◆ **Problem details**:
Every line of the material has to be retyped exactly.

◆ **Dataset entries**:
Lemma card_ge_images (I : finType) (T : eqType) (A : {set I}) (f : I -> T) (Q : seq T) :
  uniq Q -> (forall q, q \in Q -> exists2 e, e \in A & f e = q) -> size Q <= #|A|.
Proof.
move=> uQ hQ; rewrite cardE -(size_map f (enum A)).
by apply: uniq_leq_size => // q /hQ [e he <-]; apply: map_f; rewrite mem_enum.
Qed.

Lemma nth_flatten_blocks (T : Type) (x0 : T) (ss : seq (seq T)) m b r :
  all (fun s => size s == m) ss -> r < m -> b < size ss ->
  nth x0 (flatten ss) (b * m + r) = nth x0 (nth [::] ss b) r.
Proof.
elim: ss b => [|s ss IH] b //= /andP[/eqP hs hall] hr hb.
rewrite nth_cat hs; case: b hb => [|b] hb; first by rewrite mul0n add0n hr.
rewrite mulSn -addnA ltnNge leq_addr /= addKn.
exact: IH.
Qed.

Lemma size_flatten_blocks (T : Type) (ss : seq (seq T)) m :
  all (fun s => size s == m) ss -> size (flatten ss) = size ss * m.
Proof. by elim: ss => [|s ss IH] //= /andP[/eqP hs /IH h]; rewrite size_cat hs h mulSn. Qed.

Lemma nth_allpairs_bit (T : Type) (f : nat -> nat -> T) x0 N a b : b < N.*2 ->
  nth x0 [seq f j c | j <- iota a N, c <- iota 0 2] b = f (a + b %/ 2) (b %% 2).
Proof.
elim: N a b => [|N IH] a b //= hb.
case: b hb => [|[|b]] hb /=; rewrite ?addn0 //.
rewrite IH; last by lia.
congr f; lia.
Qed.

Lemma sf_singleE k i : sf_single k.+1 k i = (i == k).
Proof. by rewrite /sf_single /= divn_small ?ltnSn //= mul0n subn0 orbF. Qed.

Lemma nth_doubled_but_last (q : nat -> nat * nat) (n a r : nat) : r <= n.*2 ->
  let s := flatten [seq (if i == a + n then [:: q i] else [:: q i; q i])
                   | i <- iota a n.+1] in
  nth (0, 0) s r = q (a + r %/ 2) /\ size s = n.*2.+1.
Proof.
elim: n a r => [|n IH] a r hr /=.
  have -> : r = 0 by lia.
  by rewrite addn0 eqxx.
rewrite (_ : a == a + n.+1 = false); last by apply/eqP; lia.
have [_ hsz] := IH a.+1 0 (leq0n _); rewrite addSnnS in hsz.
rewrite /= hsz; split => //.
case: r hr => [|[|r]] hr //=; rewrite ?addn0 //.
have [h _] := IH a.+1 r ltac:(lia); rewrite addSnnS in h.
by rewrite h; congr q; lia.
Qed.

(* Edge r of a short (k+1,k)-forcer labelled by lab joins v_(r/2) and
   v_(r/2+1): edges 2i and 2i+1 are the two copies of v_i v_(i+1), i < k,
   and edge 2k is the single edge v_k v_(k+1). *)
Lemma short_forcer_nth k (lab : nat -> nat) r : r <= k.*2 ->
  nth (0, 0) (short_forcer_edges k.+1 k lab) r = (lab (r %/ 2), lab (r %/ 2).+1) /\
  size (short_forcer_edges k.+1 k lab) = k.*2.+1.
Proof.
move=> hr; rewrite /short_forcer_edges.
under eq_map => i do rewrite sf_singleE.
exact: (@nth_doubled_but_last (fun i => (lab i, lab i.+1)) k 0 r hr).
Qed.

Section PathForcer.
Variable k : nat.
Hypothesis hk : 2 <= k.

◆ **Completed exercise**:
Lemma card_ge_images (I : finType) (T : eqType) (A : {set I}) (f : I -> T) (Q : seq T) :
  uniq Q -> (forall q, q \in Q -> exists2 e, e \in A & f e = q) -> size Q <= #|A|.
Proof.
move=> uQ hQ; rewrite cardE -(size_map f (enum A)).
by apply: uniq_leq_size => // q /hQ [e he <-]; apply: map_f; rewrite mem_enum.
Qed.

Lemma nth_flatten_blocks (T : Type) (x0 : T) (ss : seq (seq T)) m b r :
  all (fun s => size s == m) ss -> r < m -> b < size ss ->
  nth x0 (flatten ss) (b * m + r) = nth x0 (nth [::] ss b) r.
Proof.
elim: ss b => [|s ss IH] b //= /andP[/eqP hs hall] hr hb.
rewrite nth_cat hs; case: b hb => [|b] hb; first by rewrite mul0n add0n hr.
rewrite mulSn -addnA ltnNge leq_addr /= addKn.
exact: IH.
Qed.

Lemma size_flatten_blocks (T : Type) (ss : seq (seq T)) m :
  all (fun s => size s == m) ss -> size (flatten ss) = size ss * m.
Proof. by elim: ss => [|s ss IH] //= /andP[/eqP hs /IH h]; rewrite size_cat hs h mulSn. Qed.

Lemma nth_allpairs_bit (T : Type) (f : nat -> nat -> T) x0 N a b : b < N.*2 ->
  nth x0 [seq f j c | j <- iota a N, c <- iota 0 2] b = f (a + b %/ 2) (b %% 2).
Proof.
elim: N a b => [|N IH] a b //= hb.
case: b hb => [|[|b]] hb /=; rewrite ?addn0 //.
rewrite IH; last by lia.
congr f; lia.
Qed.

Lemma sf_singleE k i : sf_single k.+1 k i = (i == k).
Proof. by rewrite /sf_single /= divn_small ?ltnSn //= mul0n subn0 orbF. Qed.

Lemma nth_doubled_but_last (q : nat -> nat * nat) (n a r : nat) : r <= n.*2 ->
  let s := flatten [seq (if i == a + n then [:: q i] else [:: q i; q i])
                   | i <- iota a n.+1] in
  nth (0, 0) s r = q (a + r %/ 2) /\ size s = n.*2.+1.
Proof.
elim: n a r => [|n IH] a r hr /=.
  have -> : r = 0 by lia.
  by rewrite addn0 eqxx.
rewrite (_ : a == a + n.+1 = false); last by apply/eqP; lia.
have [_ hsz] := IH a.+1 0 (leq0n _); rewrite addSnnS in hsz.
rewrite /= hsz; split => //.
case: r hr => [|[|r]] hr //=; rewrite ?addn0 //.
have [h _] := IH a.+1 r ltac:(lia); rewrite addSnnS in h.
by rewrite h; congr q; lia.
Qed.

(* Edge r of a short (k+1,k)-forcer labelled by lab joins v_(r/2) and
   v_(r/2+1): edges 2i and 2i+1 are the two copies of v_i v_(i+1), i < k,
   and edge 2k is the single edge v_k v_(k+1). *)
Lemma short_forcer_nth k (lab : nat -> nat) r : r <= k.*2 ->
  nth (0, 0) (short_forcer_edges k.+1 k lab) r = (lab (r %/ 2), lab (r %/ 2).+1) /\
  size (short_forcer_edges k.+1 k lab) = k.*2.+1.
Proof.
move=> hr; rewrite /short_forcer_edges.
under eq_map => i do rewrite sf_singleE.
exact: (@nth_doubled_but_last (fun i => (lab i, lab i.+1)) k 0 r hr).
Qed.

Section PathForcer.
Variable k : nat.
Hypothesis hk : 2 <= k.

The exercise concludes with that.